WHAT THIS TASK INVOLVES:
Take down each entry exactly as written.

BEGIN

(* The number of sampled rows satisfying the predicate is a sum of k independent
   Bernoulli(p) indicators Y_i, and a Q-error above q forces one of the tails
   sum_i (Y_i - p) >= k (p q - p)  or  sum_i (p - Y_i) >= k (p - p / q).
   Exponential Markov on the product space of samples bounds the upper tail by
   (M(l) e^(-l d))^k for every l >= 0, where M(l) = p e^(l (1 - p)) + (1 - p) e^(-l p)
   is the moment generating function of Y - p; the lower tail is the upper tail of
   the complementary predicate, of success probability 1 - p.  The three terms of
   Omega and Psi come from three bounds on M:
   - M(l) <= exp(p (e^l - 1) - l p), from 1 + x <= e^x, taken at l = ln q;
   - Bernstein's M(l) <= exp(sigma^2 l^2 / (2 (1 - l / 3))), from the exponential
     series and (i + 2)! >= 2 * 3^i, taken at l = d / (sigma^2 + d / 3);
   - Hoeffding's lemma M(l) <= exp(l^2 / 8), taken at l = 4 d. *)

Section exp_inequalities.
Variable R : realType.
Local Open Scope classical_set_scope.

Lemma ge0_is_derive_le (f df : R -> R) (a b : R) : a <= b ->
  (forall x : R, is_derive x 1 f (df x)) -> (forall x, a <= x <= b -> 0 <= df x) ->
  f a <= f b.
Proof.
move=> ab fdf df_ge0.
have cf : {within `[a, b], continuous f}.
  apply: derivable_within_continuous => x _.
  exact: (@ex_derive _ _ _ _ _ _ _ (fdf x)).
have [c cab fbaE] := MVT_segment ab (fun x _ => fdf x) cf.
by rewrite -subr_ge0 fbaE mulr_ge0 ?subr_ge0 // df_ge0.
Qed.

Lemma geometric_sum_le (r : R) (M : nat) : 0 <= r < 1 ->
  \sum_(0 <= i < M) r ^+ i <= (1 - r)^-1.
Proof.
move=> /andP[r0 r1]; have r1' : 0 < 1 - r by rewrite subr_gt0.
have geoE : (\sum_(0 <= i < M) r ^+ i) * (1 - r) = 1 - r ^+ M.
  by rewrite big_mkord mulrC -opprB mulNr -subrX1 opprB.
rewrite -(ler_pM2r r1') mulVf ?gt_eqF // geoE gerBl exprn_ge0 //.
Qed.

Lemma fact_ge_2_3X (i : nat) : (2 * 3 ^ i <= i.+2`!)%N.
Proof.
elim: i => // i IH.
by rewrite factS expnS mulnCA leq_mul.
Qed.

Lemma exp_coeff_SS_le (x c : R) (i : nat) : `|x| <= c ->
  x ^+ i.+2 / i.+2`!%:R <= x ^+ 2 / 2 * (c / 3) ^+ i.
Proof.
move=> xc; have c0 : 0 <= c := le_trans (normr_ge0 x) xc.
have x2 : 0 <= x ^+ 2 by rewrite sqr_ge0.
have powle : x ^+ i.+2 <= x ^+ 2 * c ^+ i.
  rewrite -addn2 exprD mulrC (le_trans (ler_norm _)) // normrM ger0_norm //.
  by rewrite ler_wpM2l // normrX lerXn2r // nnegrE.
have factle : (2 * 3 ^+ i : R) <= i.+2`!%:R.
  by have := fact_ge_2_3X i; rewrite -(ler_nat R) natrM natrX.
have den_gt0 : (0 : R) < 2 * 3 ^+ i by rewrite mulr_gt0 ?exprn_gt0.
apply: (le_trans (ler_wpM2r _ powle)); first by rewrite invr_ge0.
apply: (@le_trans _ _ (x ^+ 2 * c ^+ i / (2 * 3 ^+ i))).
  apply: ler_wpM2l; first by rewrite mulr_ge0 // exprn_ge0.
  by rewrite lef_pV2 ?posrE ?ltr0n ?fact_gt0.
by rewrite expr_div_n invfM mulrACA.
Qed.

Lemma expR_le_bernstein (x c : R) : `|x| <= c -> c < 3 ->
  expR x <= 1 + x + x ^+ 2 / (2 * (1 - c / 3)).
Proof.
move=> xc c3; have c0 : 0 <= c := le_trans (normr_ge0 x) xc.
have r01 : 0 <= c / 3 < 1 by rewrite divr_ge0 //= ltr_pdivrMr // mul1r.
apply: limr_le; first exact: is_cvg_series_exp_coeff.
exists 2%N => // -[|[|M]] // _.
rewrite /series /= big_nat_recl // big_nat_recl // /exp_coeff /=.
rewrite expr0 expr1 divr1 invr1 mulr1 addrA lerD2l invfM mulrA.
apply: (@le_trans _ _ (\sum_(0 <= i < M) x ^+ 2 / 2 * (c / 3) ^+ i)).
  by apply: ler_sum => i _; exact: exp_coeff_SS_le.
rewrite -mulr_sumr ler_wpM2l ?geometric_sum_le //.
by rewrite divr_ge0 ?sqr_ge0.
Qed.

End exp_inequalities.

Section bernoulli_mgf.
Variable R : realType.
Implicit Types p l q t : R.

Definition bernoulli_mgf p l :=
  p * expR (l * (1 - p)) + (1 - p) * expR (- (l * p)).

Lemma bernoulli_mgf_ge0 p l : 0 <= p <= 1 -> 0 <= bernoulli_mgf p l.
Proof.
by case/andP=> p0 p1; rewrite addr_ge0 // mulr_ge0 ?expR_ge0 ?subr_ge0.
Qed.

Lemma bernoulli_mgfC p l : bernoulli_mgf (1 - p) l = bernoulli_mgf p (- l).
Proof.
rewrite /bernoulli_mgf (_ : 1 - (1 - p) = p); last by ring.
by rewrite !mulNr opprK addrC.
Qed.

END

RESULT OF THE EXERCISE:
(* The number of sampled rows satisfying the predicate is a sum of k independent
   Bernoulli(p) indicators Y_i, and a Q-error above q forces one of the tails
   sum_i (Y_i - p) >= k (p q - p)  or  sum_i (p - Y_i) >= k (p - p / q).
   Exponential Markov on the product space of samples bounds the upper tail by
   (M(l) e^(-l d))^k for every l >= 0, where M(l) = p e^(l (1 - p)) + (1 - p) e^(-l p)
   is the moment generating function of Y - p; the lower tail is the upper tail of
   the complementary predicate, of success probability 1 - p.  The three terms of
   Omega and Psi come from three bounds on M:
   - M(l) <= exp(p (e^l - 1) - l p), from 1 + x <= e^x, taken at l = ln q;
   - Bernstein's M(l) <= exp(sigma^2 l^2 / (2 (1 - l / 3))), from the exponential
     series and (i + 2)! >= 2 * 3^i, taken at l = d / (sigma^2 + d / 3);
   - Hoeffding's lemma M(l) <= exp(l^2 / 8), taken at l = 4 d. *)

Section exp_inequalities.
Variable R : realType.
Local Open Scope classical_set_scope.

Lemma ge0_is_derive_le (f df : R -> R) (a b : R) : a <= b ->
  (forall x : R, is_derive x 1 f (df x)) -> (forall x, a <= x <= b -> 0 <= df x) ->
  f a <= f b.
Proof.
move=> ab fdf df_ge0.
have cf : {within `[a, b], continuous f}.
  apply: derivable_within_continuous => x _.
  exact: (@ex_derive _ _ _ _ _ _ _ (fdf x)).
have [c cab fbaE] := MVT_segment ab (fun x _ => fdf x) cf.
by rewrite -subr_ge0 fbaE mulr_ge0 ?subr_ge0 // df_ge0.
Qed.

Lemma geometric_sum_le (r : R) (M : nat) : 0 <= r < 1 ->
  \sum_(0 <= i < M) r ^+ i <= (1 - r)^-1.
Proof.
move=> /andP[r0 r1]; have r1' : 0 < 1 - r by rewrite subr_gt0.
have geoE : (\sum_(0 <= i < M) r ^+ i) * (1 - r) = 1 - r ^+ M.
  by rewrite big_mkord mulrC -opprB mulNr -subrX1 opprB.
rewrite -(ler_pM2r r1') mulVf ?gt_eqF // geoE gerBl exprn_ge0 //.
Qed.

Lemma fact_ge_2_3X (i : nat) : (2 * 3 ^ i <= i.+2`!)%N.
Proof.
elim: i => // i IH.
by rewrite factS expnS mulnCA leq_mul.
Qed.

Lemma exp_coeff_SS_le (x c : R) (i : nat) : `|x| <= c ->
  x ^+ i.+2 / i.+2`!%:R <= x ^+ 2 / 2 * (c / 3) ^+ i.
Proof.
move=> xc; have c0 : 0 <= c := le_trans (normr_ge0 x) xc.
have x2 : 0 <= x ^+ 2 by rewrite sqr_ge0.
have powle : x ^+ i.+2 <= x ^+ 2 * c ^+ i.
  rewrite -addn2 exprD mulrC (le_trans (ler_norm _)) // normrM ger0_norm //.
  by rewrite ler_wpM2l // normrX lerXn2r // nnegrE.
have factle : (2 * 3 ^+ i : R) <= i.+2`!%:R.
  by have := fact_ge_2_3X i; rewrite -(ler_nat R) natrM natrX.
have den_gt0 : (0 : R) < 2 * 3 ^+ i by rewrite mulr_gt0 ?exprn_gt0.
apply: (le_trans (ler_wpM2r _ powle)); first by rewrite invr_ge0.
apply: (@le_trans _ _ (x ^+ 2 * c ^+ i / (2 * 3 ^+ i))).
  apply: ler_wpM2l; first by rewrite mulr_ge0 // exprn_ge0.
  by rewrite lef_pV2 ?posrE ?ltr0n ?fact_gt0.
by rewrite expr_div_n invfM mulrACA.
Qed.

Lemma expR_le_bernstein (x c : R) : `|x| <= c -> c < 3 ->
  expR x <= 1 + x + x ^+ 2 / (2 * (1 - c / 3)).
Proof.
move=> xc c3; have c0 : 0 <= c := le_trans (normr_ge0 x) xc.
have r01 : 0 <= c / 3 < 1 by rewrite divr_ge0 //= ltr_pdivrMr // mul1r.
apply: limr_le; first exact: is_cvg_series_exp_coeff.
exists 2%N => // -[|[|M]] // _.
rewrite /series /= big_nat_recl // big_nat_recl // /exp_coeff /=.
rewrite expr0 expr1 divr1 invr1 mulr1 addrA lerD2l invfM mulrA.
apply: (@le_trans _ _ (\sum_(0 <= i < M) x ^+ 2 / 2 * (c / 3) ^+ i)).
  by apply: ler_sum => i _; exact: exp_coeff_SS_le.
rewrite -mulr_sumr ler_wpM2l ?geometric_sum_le //.
by rewrite divr_ge0 ?sqr_ge0.
Qed.

End exp_inequalities.

Section bernoulli_mgf.
Variable R : realType.
Implicit Types p l q t : R.

Definition bernoulli_mgf p l :=
  p * expR (l * (1 - p)) + (1 - p) * expR (- (l * p)).

Lemma bernoulli_mgf_ge0 p l : 0 <= p <= 1 -> 0 <= bernoulli_mgf p l.
Proof.
by case/andP=> p0 p1; rewrite addr_ge0 // mulr_ge0 ?expR_ge0 ?subr_ge0.
Qed.

Lemma bernoulli_mgfC p l : bernoulli_mgf (1 - p) l = bernoulli_mgf p (- l).
Proof.
rewrite /bernoulli_mgf (_ : 1 - (1 - p) = p); last by ring.
by rewrite !mulNr opprK addrC.
Qed.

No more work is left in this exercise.